REQUIRED WORK —
In the entries below, find the line with "Lemma potential_step (b" and the line with "(if c.1 == c1"; give again those lines and every line between them, exactly.

RECORDS SUPPLIED —
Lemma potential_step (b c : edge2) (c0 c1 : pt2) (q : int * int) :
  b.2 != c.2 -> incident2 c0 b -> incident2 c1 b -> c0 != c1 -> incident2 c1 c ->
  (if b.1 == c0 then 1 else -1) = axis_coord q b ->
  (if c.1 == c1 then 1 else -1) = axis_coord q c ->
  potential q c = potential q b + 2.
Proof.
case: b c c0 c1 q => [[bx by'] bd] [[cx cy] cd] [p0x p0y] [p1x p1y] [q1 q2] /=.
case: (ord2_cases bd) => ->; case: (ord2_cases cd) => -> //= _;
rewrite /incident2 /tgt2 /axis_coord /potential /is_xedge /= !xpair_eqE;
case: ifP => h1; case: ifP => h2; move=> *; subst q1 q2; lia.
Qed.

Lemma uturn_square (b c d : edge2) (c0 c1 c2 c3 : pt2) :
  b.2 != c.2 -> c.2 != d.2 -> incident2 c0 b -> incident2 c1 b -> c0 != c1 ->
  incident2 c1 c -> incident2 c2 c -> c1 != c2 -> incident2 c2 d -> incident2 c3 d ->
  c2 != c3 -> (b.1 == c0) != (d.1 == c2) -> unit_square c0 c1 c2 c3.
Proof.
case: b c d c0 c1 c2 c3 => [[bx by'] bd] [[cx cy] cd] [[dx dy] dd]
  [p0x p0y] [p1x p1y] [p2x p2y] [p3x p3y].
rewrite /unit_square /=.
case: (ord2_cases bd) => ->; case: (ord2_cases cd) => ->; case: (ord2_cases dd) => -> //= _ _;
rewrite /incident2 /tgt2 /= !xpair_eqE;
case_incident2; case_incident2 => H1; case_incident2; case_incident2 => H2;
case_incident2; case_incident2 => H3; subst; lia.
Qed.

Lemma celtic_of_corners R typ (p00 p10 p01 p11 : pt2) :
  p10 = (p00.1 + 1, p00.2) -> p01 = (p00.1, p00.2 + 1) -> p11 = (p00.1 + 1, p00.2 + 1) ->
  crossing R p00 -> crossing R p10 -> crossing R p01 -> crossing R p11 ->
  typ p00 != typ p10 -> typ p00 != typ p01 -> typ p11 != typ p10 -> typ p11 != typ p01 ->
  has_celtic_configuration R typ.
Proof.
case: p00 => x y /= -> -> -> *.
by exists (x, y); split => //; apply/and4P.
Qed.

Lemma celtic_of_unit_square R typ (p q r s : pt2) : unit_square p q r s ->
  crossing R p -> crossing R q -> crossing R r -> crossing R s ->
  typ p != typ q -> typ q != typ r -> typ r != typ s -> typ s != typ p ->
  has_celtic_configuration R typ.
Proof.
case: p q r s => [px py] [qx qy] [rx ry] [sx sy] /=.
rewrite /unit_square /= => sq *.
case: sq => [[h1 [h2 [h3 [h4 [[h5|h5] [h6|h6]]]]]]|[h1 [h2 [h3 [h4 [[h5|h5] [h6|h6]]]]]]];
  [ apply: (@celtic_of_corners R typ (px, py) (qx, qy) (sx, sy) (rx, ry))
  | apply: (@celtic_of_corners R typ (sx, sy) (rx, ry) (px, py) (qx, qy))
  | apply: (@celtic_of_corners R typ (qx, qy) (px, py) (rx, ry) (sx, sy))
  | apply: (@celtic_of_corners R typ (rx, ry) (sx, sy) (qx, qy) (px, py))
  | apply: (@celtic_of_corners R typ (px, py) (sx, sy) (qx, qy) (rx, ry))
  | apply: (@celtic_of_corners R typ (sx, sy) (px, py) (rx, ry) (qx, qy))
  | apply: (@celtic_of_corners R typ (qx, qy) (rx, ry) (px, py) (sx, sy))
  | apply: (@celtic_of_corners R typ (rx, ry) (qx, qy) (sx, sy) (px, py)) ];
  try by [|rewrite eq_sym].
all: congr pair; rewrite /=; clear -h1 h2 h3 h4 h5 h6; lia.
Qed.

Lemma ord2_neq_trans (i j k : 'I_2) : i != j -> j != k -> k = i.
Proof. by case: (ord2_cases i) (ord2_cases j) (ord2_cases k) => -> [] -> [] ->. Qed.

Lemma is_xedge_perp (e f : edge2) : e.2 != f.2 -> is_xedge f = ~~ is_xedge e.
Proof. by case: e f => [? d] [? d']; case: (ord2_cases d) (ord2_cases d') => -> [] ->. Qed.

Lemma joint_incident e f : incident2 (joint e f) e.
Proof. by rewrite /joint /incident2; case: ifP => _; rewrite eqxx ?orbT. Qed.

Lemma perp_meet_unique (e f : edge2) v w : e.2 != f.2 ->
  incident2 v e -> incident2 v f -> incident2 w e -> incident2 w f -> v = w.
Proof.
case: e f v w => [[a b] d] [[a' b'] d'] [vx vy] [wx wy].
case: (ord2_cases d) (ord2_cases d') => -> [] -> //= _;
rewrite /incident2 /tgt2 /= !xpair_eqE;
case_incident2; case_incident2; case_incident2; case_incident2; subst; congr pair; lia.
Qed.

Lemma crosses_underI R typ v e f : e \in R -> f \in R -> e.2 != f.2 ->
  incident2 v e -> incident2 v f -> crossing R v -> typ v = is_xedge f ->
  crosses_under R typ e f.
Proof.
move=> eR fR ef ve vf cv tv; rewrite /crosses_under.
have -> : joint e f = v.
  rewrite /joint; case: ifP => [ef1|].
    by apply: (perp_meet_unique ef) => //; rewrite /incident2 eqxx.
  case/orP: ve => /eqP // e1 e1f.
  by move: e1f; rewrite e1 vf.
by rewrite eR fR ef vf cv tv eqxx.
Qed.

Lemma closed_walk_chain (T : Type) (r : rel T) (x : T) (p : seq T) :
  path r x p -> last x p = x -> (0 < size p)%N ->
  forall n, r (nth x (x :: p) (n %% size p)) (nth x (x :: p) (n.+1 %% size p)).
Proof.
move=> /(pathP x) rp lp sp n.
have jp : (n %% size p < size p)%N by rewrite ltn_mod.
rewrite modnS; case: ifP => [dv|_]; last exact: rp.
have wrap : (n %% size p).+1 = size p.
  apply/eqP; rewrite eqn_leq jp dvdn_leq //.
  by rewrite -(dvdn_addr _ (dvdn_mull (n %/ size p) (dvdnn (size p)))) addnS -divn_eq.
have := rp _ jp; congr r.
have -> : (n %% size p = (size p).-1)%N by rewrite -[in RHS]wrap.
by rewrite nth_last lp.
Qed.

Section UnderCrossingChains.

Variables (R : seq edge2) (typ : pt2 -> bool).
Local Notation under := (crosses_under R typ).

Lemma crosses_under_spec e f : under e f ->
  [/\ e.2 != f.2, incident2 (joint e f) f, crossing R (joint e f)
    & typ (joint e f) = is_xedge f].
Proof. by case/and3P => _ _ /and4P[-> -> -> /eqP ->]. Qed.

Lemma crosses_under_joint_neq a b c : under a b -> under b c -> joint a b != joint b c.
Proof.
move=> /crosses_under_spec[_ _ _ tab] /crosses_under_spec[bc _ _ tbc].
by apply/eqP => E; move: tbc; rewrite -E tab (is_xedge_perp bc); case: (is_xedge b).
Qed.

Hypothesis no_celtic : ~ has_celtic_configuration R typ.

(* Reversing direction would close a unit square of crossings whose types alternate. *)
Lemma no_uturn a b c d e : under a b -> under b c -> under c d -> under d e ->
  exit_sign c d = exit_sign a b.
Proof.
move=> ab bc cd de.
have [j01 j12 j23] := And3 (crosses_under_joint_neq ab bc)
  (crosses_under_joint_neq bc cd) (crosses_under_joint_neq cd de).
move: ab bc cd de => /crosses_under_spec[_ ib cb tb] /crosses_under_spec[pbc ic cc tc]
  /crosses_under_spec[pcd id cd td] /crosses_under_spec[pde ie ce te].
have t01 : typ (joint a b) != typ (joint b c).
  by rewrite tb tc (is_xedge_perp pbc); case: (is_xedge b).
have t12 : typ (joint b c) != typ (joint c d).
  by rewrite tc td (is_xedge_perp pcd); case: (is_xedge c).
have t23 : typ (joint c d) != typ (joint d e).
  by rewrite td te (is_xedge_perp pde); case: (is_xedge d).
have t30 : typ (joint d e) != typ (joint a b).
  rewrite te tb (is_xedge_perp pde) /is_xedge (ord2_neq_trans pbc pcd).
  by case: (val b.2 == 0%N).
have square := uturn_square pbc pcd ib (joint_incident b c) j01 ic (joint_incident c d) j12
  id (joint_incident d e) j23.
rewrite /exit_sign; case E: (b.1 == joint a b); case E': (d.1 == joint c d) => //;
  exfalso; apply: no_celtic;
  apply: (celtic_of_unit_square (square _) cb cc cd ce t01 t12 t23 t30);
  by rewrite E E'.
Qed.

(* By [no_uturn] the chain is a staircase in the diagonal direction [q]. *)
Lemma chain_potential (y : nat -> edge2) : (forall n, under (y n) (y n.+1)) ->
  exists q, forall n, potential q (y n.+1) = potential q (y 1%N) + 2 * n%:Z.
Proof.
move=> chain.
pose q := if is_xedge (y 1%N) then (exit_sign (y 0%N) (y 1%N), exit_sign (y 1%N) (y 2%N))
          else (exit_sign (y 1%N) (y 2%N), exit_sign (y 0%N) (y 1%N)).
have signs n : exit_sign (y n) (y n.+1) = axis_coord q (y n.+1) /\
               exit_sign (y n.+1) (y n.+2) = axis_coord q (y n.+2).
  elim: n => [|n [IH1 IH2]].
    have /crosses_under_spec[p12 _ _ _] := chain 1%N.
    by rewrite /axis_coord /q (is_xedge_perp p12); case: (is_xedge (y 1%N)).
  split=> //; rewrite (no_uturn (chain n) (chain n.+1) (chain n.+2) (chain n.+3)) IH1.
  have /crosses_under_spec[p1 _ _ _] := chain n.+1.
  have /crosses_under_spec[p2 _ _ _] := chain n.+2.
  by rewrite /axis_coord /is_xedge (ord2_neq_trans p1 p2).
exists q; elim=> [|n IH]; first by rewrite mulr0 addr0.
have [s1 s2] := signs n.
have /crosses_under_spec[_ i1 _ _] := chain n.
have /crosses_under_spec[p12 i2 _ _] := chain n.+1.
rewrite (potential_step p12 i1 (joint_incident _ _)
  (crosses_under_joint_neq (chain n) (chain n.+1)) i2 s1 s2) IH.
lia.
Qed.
--
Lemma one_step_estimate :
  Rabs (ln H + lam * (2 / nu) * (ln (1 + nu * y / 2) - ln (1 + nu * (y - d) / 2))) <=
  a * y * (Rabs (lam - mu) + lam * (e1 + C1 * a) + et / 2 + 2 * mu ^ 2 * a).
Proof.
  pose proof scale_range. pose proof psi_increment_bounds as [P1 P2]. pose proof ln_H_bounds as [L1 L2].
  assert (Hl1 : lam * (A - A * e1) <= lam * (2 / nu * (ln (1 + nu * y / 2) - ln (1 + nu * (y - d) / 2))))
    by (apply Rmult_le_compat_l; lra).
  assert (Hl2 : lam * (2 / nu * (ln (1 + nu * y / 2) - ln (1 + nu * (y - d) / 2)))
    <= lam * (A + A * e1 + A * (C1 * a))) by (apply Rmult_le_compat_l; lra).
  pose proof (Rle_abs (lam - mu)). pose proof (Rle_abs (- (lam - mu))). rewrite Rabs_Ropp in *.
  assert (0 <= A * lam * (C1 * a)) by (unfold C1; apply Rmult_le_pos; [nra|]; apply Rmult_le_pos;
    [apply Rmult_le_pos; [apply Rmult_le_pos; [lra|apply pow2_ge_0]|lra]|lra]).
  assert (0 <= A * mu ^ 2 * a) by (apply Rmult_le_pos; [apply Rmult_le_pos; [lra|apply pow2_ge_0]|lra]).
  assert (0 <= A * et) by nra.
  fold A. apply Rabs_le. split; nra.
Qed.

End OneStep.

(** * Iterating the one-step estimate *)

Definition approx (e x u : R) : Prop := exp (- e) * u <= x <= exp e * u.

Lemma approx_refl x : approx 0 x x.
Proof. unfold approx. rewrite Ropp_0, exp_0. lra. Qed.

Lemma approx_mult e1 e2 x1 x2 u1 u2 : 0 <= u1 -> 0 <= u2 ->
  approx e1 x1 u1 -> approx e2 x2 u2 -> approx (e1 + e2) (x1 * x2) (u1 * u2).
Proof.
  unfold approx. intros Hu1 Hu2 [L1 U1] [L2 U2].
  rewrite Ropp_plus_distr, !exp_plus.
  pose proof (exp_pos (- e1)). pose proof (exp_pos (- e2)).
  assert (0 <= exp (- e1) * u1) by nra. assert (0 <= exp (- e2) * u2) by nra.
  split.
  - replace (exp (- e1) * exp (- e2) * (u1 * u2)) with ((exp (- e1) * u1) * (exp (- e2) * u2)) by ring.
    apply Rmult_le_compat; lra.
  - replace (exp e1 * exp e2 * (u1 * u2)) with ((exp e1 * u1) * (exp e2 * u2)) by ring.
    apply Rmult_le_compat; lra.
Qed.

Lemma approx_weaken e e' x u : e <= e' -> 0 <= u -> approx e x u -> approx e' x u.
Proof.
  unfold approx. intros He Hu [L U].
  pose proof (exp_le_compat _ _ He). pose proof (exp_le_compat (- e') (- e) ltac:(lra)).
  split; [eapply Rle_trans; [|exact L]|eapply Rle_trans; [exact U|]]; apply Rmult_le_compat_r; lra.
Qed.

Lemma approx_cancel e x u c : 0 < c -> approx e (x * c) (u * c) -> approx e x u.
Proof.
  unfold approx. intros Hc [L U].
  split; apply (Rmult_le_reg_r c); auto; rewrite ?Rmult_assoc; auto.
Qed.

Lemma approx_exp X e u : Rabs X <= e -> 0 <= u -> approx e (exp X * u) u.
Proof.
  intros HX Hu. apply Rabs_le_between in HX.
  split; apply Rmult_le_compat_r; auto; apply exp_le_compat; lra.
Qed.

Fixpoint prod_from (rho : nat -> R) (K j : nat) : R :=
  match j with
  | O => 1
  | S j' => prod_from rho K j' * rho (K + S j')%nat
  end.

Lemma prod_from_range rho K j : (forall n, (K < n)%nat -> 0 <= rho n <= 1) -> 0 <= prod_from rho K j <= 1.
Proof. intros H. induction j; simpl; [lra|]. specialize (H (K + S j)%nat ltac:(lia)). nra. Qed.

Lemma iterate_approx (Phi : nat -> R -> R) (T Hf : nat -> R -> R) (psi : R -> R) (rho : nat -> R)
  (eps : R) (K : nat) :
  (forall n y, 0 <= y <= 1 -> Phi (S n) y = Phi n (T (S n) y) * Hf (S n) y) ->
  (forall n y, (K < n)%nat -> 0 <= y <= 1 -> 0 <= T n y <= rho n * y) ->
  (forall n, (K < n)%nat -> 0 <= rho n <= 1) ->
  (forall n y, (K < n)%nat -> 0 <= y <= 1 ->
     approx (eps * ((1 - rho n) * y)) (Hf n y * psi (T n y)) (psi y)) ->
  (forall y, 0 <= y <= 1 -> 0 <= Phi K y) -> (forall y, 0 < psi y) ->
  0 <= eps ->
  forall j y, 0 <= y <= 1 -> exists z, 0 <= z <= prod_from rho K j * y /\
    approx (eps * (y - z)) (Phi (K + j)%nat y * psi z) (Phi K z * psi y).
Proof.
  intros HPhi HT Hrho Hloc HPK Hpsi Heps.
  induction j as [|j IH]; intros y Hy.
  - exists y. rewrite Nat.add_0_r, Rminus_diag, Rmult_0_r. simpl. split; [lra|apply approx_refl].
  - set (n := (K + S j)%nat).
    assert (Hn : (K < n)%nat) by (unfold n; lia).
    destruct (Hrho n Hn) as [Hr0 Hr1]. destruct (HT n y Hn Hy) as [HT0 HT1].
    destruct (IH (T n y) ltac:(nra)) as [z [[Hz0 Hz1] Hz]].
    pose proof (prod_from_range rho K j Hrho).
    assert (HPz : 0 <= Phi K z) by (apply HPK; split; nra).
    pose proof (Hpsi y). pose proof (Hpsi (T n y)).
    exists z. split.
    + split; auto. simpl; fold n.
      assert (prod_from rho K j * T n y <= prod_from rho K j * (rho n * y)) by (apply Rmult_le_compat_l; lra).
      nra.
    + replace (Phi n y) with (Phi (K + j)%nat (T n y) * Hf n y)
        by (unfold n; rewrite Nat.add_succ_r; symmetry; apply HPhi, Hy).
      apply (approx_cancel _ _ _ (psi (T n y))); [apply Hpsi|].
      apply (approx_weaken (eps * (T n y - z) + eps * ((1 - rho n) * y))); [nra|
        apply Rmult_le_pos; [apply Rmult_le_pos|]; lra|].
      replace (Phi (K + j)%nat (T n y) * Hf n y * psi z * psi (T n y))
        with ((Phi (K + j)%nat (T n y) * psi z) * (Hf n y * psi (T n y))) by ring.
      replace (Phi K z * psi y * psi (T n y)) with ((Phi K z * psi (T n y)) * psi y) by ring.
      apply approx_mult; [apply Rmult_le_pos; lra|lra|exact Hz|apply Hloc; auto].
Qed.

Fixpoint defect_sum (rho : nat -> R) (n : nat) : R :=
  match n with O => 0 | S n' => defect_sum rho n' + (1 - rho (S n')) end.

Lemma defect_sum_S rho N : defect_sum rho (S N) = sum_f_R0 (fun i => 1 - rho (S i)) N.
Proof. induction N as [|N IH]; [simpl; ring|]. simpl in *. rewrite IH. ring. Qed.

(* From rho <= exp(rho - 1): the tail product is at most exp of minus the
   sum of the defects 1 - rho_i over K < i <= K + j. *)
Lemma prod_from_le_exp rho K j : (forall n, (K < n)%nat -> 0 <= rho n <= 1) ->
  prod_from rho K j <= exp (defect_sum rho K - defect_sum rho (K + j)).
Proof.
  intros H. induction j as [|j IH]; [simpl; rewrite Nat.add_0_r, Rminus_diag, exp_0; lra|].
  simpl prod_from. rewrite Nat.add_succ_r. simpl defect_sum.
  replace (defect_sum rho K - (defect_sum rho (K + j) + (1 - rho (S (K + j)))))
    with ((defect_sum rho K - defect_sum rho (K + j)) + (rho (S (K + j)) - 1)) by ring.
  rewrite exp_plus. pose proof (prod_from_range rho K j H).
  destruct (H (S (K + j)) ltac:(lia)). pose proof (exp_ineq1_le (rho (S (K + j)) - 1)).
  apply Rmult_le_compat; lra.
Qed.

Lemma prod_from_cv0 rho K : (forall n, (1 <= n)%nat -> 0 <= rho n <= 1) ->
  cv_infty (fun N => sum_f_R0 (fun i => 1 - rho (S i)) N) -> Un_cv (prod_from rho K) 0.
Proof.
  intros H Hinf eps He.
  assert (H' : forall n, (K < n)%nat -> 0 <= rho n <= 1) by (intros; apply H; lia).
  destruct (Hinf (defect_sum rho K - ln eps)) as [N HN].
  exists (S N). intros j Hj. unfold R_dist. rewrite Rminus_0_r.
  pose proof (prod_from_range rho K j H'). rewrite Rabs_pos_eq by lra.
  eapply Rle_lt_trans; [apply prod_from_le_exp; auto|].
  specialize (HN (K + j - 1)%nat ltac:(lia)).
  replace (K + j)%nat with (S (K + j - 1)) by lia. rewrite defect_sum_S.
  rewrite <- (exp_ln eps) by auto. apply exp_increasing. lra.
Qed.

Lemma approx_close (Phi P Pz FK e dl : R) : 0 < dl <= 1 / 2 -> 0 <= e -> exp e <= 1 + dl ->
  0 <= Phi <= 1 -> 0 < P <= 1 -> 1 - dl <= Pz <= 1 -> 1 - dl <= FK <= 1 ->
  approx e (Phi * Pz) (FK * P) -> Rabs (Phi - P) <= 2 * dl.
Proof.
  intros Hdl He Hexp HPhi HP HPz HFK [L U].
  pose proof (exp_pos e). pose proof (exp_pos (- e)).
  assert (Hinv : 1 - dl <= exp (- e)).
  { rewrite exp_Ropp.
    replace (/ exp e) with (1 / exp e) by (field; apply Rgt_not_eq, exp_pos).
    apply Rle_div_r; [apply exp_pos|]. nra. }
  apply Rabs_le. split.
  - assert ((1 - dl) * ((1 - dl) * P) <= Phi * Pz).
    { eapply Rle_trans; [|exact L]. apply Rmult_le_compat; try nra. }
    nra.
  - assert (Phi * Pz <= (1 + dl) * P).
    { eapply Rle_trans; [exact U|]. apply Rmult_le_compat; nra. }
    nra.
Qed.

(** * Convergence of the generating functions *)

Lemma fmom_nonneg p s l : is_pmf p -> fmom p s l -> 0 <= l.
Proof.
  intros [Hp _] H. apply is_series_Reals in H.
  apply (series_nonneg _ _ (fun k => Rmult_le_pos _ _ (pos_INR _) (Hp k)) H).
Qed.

RESPONSE TO THIS TASK —
Lemma potential_step (b c : edge2) (c0 c1 : pt2) (q : int * int) :
  b.2 != c.2 -> incident2 c0 b -> incident2 c1 b -> c0 != c1 -> incident2 c1 c ->
  (if b.1 == c0 then 1 else -1) = axis_coord q b ->
  (if c.1 == c1 then 1 else -1) = axis_coord q c ->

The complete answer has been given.